The Roman Opposition
Warfare of Prosecutions
If the torpid organism of the Roman polity could still of itself reach a crisis of wholesome reaction, that reaction could not but set in now, when, by one of the marvellous pieces of good fortune, in which the history of Rome is so rich, the danger was sufficiently imminent to rouse all the energy and all the patriotism of the burgesses, and yet did not burst upon them so suddenly as to leave no space for the development of their resources. But the very same phenomena, which had occurred four years previously after the African defeats, presented themselves afresh. In fact the African and Gallic disasters were essentially of the same kind. It may be that primarily the blame of the former fell more on the oligarchy as a whole, that of the latter more on individual magistrates; but public opinion justly recognized in both, above all things, the bankruptcy of the government, which in its progressive development imperilled first the honour and now the very existence of the state. People just as little deceived themselves then as now regarding the true seat of the evil, but as little now as then did they make even an attempt to apply the remedy at the proper point.

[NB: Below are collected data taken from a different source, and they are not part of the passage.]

Definition fdist (p q m : nat) : R :=
  inf [set tnorm (j%:R / q%:R - m%:R / p%:R) | j in [set j : nat | (j < q)%N]].

Definition Sset (eps : R) (p q : nat) : {set 'Z_p} :=
  [set m : 'Z_p | fdist p q (val m) < eps].

Definition s_star (eps : R) (p q : nat) : nat :=
  \big[minn/p]_(1 <= m < p | fdist p q m < eps) m.

Definition Eseq (p n : nat) : seq R := [:: n%:R / p%:R].
Definition Eset (p n : nat) : set R := [set x | x \in Eseq p n].

Definition miss_ratio (eps : R) (p n : nat) (D : set R) : R :=
  (count (fun x => ~~ `[< Vnbhd eps D x >]) (Eseq p n))%:R / (size (Eseq p n))%:R.

Inductive move := Single | Batch | Full.

(* D : nat -> set R is the sequence of datasets produced by some trainer
   strategy with the given move type (the game is deterministic on the
   evaluator side, so strategies correspond to such plays). *)
Definition valid_play (mv : move) (p q : nat) (D : nat -> set R) : Prop :=
  D 0%N = set0 /\
  forall n : nat,
  match mv with
  | Single => exists h c, Htrain q h /\ (D n `|` Eset p n) c /\
               D n.+1 = D n `|` Eset p n `|` [set c + h]
  | Batch => exists h (C : set R), Htrain q h /\ C `<=` (D n `|` Eset p n) /\
               D n.+1 = D n `|` Eset p n `|` [set x + h | x in C]
  | Full => D n.+1 = [set z | exists2 x, (D n `|` Eset p n) x &
                              exists2 h, Htrain q h & z = x + h]
  end.

Definition is_min_first_round (mv : move) (p q : nat)
    (P : (nat -> set R) -> nat -> Prop) (N : nat) : Prop :=
  (exists D, valid_play mv p q D /\ P D N /\ forall n, (n < N)%N -> ~ P D n) /\
  (forall D, valid_play mv p q D -> forall n, P D n -> (N <= n)%N).

Definition N_o (mv : move) (eps : R) (p q N : nat) : Prop :=
  is_min_first_round mv p q (fun D n => miss_ratio eps p n (D n) = 0) N.

Definition N_orbit (mv : move) (eps : R) (p q N : nat) : Prop :=
  is_min_first_round mv p q (fun D n => OmegaE p `<=` Vnbhd eps (D n)) N.

End Defs.

(* maximal cyclic gap of S subset Z/pZ *)
Definition Gamma (p : nat) (S : {set 'Z_p}) : nat :=
  let s := sort leq [seq val x | x in S] in
  let s' := rcons s (head 0%N s + p) in
  \max_(i < size s) (nth 0%N s' i.+1 - nth 0%N s' i).

(* Since gcd(p, q) = 1, a/p + b/q = (a q + b p)/(p q) is an integer multiple of
   1/(p q) that is not an integer as soon as p does not divide a; hence it lies
   at torus distance at least 1/(p q) = eps* >= eps from 0.  Every point a
   trainer can have produced before round n has the form k/p + J/q with k < n,
   so for n < p the evaluator point n/p is never covered, while from round p
   on the dataset contains 0/p, which covers p/p = 1 and all of Omega_E. *)
From HB Require Import structures.
From mathcomp Require Import all_boot all_order all_algebra.
From mathcomp Require Import boolp classical_sets reals.
From mathcomp Require Import ring.

Set Implicit Arguments.
Import Order.TTheory GRing.Theory Num.Theory.
Local Open Scope ring_scope.

Section TorusDistance.
Variable R : realType.

Lemma tnorm_le (x : R) (m : int) : tnorm x <= `|x - m%:~R|.
Proof. by apply: ge_inf; [exists 0 => _ [k _ <-] | exists m]. Qed.

Lemma tnorm_ge (x e : R) : (forall m : int, e <= `|x - m%:~R|) -> e <= tnorm x.
Proof.
move=> lb; apply: lb_le_inf; first by exists `|x - 0%:~R|, 0.
by move=> _ [m _ <-].
Qed.

Lemma tnorm_ge0 (x : R) : 0 <= tnorm x.
Proof. exact: tnorm_ge. Qed.

Lemma tnorm_intr (m : int) : tnorm (m%:~R : R) = 0.
Proof.
by apply/eqP; rewrite eq_le tnorm_ge0 andbT; have := tnorm_le m%:~R m; rewrite subrr normr0.
Qed.

Lemma tnorm_ratio_ge (a : int) (N : nat) : (0 < N)%N -> ~~ (N%:Z %| a)%Z ->
  1 / N%:R <= tnorm (a%:~R / N%:R : R).
Proof.
move=> N_gt0 N_ndvd_a; apply: tnorm_ge => m.
have N_neq0 : (N%:R : R) != 0 by rewrite pnatr_eq0 -lt0n.
have -> : a%:~R / N%:R - m%:~R = (a - m * N%:Z)%:~R / (N%:R : R).
  by rewrite rmorphB rmorphM /= mulrBl mulfK.
rewrite normrM normfV normr_nat ler_pM2r ?invr_gt0 ?ltr0n //.
rewrite -intr_norm ler1z -gtz0_ge1 normr_gt0 subr_eq0.
by apply: contra N_ndvd_a => /eqP ->; apply: dvdz_mull.
Qed.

They saw well that the system was to blame; but on this occasion also they adhered to the method of calling individuals to account—only no doubt this second storm discharged itself on the heads of the oligarchy so much the more heavily, as the calamity of 649 exceeded in extent and peril that of 645. The sure instinctive feeling of the public, that there was no resource against the oligarchy except the -tyrannis-, was once more apparent in their readily entering into every attempt by officers of note to force the hand of the government and, under one form or another, to overturn the oligarchic rule by a dictatorship.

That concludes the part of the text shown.